Work instructions | Repeat the records in full, exactly.
START Extracted material
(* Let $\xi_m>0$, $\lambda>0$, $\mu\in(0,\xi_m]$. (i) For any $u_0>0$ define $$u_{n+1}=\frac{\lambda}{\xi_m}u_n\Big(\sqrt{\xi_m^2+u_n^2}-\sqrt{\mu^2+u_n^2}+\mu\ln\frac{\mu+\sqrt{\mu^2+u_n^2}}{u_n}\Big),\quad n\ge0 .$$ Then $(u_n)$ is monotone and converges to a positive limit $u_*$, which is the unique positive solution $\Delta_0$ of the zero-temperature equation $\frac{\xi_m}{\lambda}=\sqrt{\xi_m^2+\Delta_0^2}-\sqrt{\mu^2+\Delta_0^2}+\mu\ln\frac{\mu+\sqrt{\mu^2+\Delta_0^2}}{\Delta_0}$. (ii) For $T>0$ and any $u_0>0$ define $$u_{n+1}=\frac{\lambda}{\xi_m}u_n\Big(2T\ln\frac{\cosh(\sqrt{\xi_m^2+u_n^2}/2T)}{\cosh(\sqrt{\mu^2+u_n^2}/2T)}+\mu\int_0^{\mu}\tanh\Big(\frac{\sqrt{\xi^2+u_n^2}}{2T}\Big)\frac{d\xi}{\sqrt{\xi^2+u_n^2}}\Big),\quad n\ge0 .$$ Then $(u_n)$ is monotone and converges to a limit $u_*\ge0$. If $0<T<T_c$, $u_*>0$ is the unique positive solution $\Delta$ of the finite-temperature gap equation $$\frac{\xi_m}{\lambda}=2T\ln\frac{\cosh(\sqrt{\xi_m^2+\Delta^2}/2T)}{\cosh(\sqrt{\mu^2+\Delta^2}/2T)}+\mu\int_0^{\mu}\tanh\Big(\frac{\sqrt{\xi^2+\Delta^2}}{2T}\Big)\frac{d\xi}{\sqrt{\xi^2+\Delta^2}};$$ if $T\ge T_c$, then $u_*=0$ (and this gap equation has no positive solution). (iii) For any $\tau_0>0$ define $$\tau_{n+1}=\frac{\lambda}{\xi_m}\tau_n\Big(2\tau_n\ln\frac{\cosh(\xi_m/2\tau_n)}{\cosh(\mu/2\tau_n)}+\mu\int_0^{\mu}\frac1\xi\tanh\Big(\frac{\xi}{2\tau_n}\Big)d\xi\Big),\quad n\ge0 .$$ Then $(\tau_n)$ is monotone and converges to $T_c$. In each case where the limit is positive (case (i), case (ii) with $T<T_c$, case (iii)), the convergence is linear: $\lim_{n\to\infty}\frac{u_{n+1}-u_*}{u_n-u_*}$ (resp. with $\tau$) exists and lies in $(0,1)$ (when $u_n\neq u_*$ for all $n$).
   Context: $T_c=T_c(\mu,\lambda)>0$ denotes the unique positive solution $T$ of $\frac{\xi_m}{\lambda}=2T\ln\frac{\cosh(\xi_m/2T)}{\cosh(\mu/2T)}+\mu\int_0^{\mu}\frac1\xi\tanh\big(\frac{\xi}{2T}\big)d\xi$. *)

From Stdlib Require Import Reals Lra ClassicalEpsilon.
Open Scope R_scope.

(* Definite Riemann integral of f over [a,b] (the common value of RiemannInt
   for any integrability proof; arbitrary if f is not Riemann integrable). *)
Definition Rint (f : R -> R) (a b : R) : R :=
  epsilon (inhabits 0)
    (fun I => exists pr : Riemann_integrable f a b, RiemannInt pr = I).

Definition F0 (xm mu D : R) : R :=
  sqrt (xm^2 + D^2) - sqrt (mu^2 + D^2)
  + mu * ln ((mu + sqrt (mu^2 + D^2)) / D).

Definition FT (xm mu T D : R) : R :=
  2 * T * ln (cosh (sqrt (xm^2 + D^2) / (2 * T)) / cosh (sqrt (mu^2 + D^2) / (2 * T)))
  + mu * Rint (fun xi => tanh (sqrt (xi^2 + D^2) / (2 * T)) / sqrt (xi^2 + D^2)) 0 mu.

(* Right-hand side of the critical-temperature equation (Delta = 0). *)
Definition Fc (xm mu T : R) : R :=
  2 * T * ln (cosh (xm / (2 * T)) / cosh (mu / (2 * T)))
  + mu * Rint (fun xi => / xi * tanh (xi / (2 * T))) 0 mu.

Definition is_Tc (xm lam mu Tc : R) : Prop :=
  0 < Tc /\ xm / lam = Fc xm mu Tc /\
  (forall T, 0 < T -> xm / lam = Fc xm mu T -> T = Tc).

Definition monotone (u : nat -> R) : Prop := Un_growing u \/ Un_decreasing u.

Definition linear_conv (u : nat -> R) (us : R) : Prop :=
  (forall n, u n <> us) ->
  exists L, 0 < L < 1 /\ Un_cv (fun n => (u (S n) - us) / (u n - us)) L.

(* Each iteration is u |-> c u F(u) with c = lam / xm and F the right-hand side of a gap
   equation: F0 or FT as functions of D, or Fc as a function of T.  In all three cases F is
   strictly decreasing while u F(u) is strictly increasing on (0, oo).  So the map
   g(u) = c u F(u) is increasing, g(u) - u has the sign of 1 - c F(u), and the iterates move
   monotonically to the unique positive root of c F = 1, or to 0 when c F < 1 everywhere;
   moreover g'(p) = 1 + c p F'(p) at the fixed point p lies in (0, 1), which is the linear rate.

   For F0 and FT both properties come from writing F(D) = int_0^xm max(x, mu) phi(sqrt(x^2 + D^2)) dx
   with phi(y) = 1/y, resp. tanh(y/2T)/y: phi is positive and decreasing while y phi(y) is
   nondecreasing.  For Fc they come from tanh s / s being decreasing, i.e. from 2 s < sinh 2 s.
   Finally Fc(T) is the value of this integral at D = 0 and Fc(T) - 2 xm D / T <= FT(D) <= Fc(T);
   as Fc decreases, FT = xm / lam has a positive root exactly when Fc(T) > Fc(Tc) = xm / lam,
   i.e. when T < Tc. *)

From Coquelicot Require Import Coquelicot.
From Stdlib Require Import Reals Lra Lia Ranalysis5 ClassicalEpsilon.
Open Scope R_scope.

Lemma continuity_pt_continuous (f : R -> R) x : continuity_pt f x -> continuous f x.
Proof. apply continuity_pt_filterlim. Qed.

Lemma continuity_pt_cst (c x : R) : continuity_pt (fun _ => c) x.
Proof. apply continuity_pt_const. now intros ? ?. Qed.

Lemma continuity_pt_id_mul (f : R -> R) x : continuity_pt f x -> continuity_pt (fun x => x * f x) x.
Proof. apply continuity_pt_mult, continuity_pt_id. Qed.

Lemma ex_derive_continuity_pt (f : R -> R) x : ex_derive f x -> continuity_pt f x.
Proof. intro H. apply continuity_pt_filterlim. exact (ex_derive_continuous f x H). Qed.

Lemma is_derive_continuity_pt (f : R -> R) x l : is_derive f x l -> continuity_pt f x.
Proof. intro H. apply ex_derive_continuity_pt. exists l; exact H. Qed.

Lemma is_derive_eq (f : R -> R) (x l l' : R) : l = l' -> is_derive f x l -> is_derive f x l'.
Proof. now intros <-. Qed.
END Extracted material
Answer section |
(* Let $\xi_m>0$, $\lambda>0$, $\mu\in(0,\xi_m]$. (i) For any $u_0>0$ define $$u_{n+1}=\frac{\lambda}{\xi_m}u_n\Big(\sqrt{\xi_m^2+u_n^2}-\sqrt{\mu^2+u_n^2}+\mu\ln\frac{\mu+\sqrt{\mu^2+u_n^2}}{u_n}\Big),\quad n\ge0 .$$ Then $(u_n)$ is monotone and converges to a positive limit $u_*$, which is the unique positive solution $\Delta_0$ of the zero-temperature equation $\frac{\xi_m}{\lambda}=\sqrt{\xi_m^2+\Delta_0^2}-\sqrt{\mu^2+\Delta_0^2}+\mu\ln\frac{\mu+\sqrt{\mu^2+\Delta_0^2}}{\Delta_0}$. (ii) For $T>0$ and any $u_0>0$ define $$u_{n+1}=\frac{\lambda}{\xi_m}u_n\Big(2T\ln\frac{\cosh(\sqrt{\xi_m^2+u_n^2}/2T)}{\cosh(\sqrt{\mu^2+u_n^2}/2T)}+\mu\int_0^{\mu}\tanh\Big(\frac{\sqrt{\xi^2+u_n^2}}{2T}\Big)\frac{d\xi}{\sqrt{\xi^2+u_n^2}}\Big),\quad n\ge0 .$$ Then $(u_n)$ is monotone and converges to a limit $u_*\ge0$. If $0<T<T_c$, $u_*>0$ is the unique positive solution $\Delta$ of the finite-temperature gap equation $$\frac{\xi_m}{\lambda}=2T\ln\frac{\cosh(\sqrt{\xi_m^2+\Delta^2}/2T)}{\cosh(\sqrt{\mu^2+\Delta^2}/2T)}+\mu\int_0^{\mu}\tanh\Big(\frac{\sqrt{\xi^2+\Delta^2}}{2T}\Big)\frac{d\xi}{\sqrt{\xi^2+\Delta^2}};$$ if $T\ge T_c$, then $u_*=0$ (and this gap equation has no positive solution). (iii) For any $\tau_0>0$ define $$\tau_{n+1}=\frac{\lambda}{\xi_m}\tau_n\Big(2\tau_n\ln\frac{\cosh(\xi_m/2\tau_n)}{\cosh(\mu/2\tau_n)}+\mu\int_0^{\mu}\frac1\xi\tanh\Big(\frac{\xi}{2\tau_n}\Big)d\xi\Big),\quad n\ge0 .$$ Then $(\tau_n)$ is monotone and converges to $T_c$. In each case where the limit is positive (case (i), case (ii) with $T<T_c$, case (iii)), the convergence is linear: $\lim_{n\to\infty}\frac{u_{n+1}-u_*}{u_n-u_*}$ (resp. with $\tau$) exists and lies in $(0,1)$ (when $u_n\neq u_*$ for all $n$).
   Context: $T_c=T_c(\mu,\lambda)>0$ denotes the unique positive solution $T$ of $\frac{\xi_m}{\lambda}=2T\ln\frac{\cosh(\xi_m/2T)}{\cosh(\mu/2T)}+\mu\int_0^{\mu}\frac1\xi\tanh\big(\frac{\xi}{2T}\big)d\xi$. *)

From Stdlib Require Import Reals Lra ClassicalEpsilon.
Open Scope R_scope.

(* Definite Riemann integral of f over [a,b] (the common value of RiemannInt
   for any integrability proof; arbitrary if f is not Riemann integrable). *)
Definition Rint (f : R -> R) (a b : R) : R :=
  epsilon (inhabits 0)
    (fun I => exists pr : Riemann_integrable f a b, RiemannInt pr = I).

Definition F0 (xm mu D : R) : R :=
  sqrt (xm^2 + D^2) - sqrt (mu^2 + D^2)
  + mu * ln ((mu + sqrt (mu^2 + D^2)) / D).

Definition FT (xm mu T D : R) : R :=
  2 * T * ln (cosh (sqrt (xm^2 + D^2) / (2 * T)) / cosh (sqrt (mu^2 + D^2) / (2 * T)))
  + mu * Rint (fun xi => tanh (sqrt (xi^2 + D^2) / (2 * T)) / sqrt (xi^2 + D^2)) 0 mu.

(* Right-hand side of the critical-temperature equation (Delta = 0). *)
Definition Fc (xm mu T : R) : R :=
  2 * T * ln (cosh (xm / (2 * T)) / cosh (mu / (2 * T)))
  + mu * Rint (fun xi => / xi * tanh (xi / (2 * T))) 0 mu.

Definition is_Tc (xm lam mu Tc : R) : Prop :=
  0 < Tc /\ xm / lam = Fc xm mu Tc /\
  (forall T, 0 < T -> xm / lam = Fc xm mu T -> T = Tc).

Definition monotone (u : nat -> R) : Prop := Un_growing u \/ Un_decreasing u.

Definition linear_conv (u : nat -> R) (us : R) : Prop :=
  (forall n, u n <> us) ->
  exists L, 0 < L < 1 /\ Un_cv (fun n => (u (S n) - us) / (u n - us)) L.

(* Each iteration is u |-> c u F(u) with c = lam / xm and F the right-hand side of a gap
   equation: F0 or FT as functions of D, or Fc as a function of T.  In all three cases F is
   strictly decreasing while u F(u) is strictly increasing on (0, oo).  So the map
   g(u) = c u F(u) is increasing, g(u) - u has the sign of 1 - c F(u), and the iterates move
   monotonically to the unique positive root of c F = 1, or to 0 when c F < 1 everywhere;
   moreover g'(p) = 1 + c p F'(p) at the fixed point p lies in (0, 1), which is the linear rate.

   For F0 and FT both properties come from writing F(D) = int_0^xm max(x, mu) phi(sqrt(x^2 + D^2)) dx
   with phi(y) = 1/y, resp. tanh(y/2T)/y: phi is positive and decreasing while y phi(y) is
   nondecreasing.  For Fc they come from tanh s / s being decreasing, i.e. from 2 s < sinh 2 s.
   Finally Fc(T) is the value of this integral at D = 0 and Fc(T) - 2 xm D / T <= FT(D) <= Fc(T);
   as Fc decreases, FT = xm / lam has a positive root exactly when Fc(T) > Fc(Tc) = xm / lam,
   i.e. when T < Tc. *)

From Coquelicot Require Import Coquelicot.
From Stdlib Require Import Reals Lra Lia Ranalysis5 ClassicalEpsilon.
Open Scope R_scope.

Lemma continuity_pt_continuous (f : R -> R) x : continuity_pt f x -> continuous f x.
Proof. apply continuity_pt_filterlim. Qed.

Lemma continuity_pt_cst (c x : R) : continuity_pt (fun _ => c) x.
Proof. apply continuity_pt_const. now intros ? ?. Qed.

Lemma continuity_pt_id_mul (f : R -> R) x : continuity_pt f x -> continuity_pt (fun x => x * f x) x.
Proof. apply continuity_pt_mult, continuity_pt_id. Qed.

Lemma ex_derive_continuity_pt (f : R -> R) x : ex_derive f x -> continuity_pt f x.
Proof. intro H. apply continuity_pt_filterlim. exact (ex_derive_continuous f x H). Qed.

Lemma is_derive_continuity_pt (f : R -> R) x l : is_derive f x l -> continuity_pt f x.
Proof. intro H. apply ex_derive_continuity_pt. exists l; exact H. Qed.

Lemma is_derive_eq (f : R -> R) (x l l' : R) : l = l' -> is_derive f x l -> is_derive f x l'.
Proof. now intros <-. Qed.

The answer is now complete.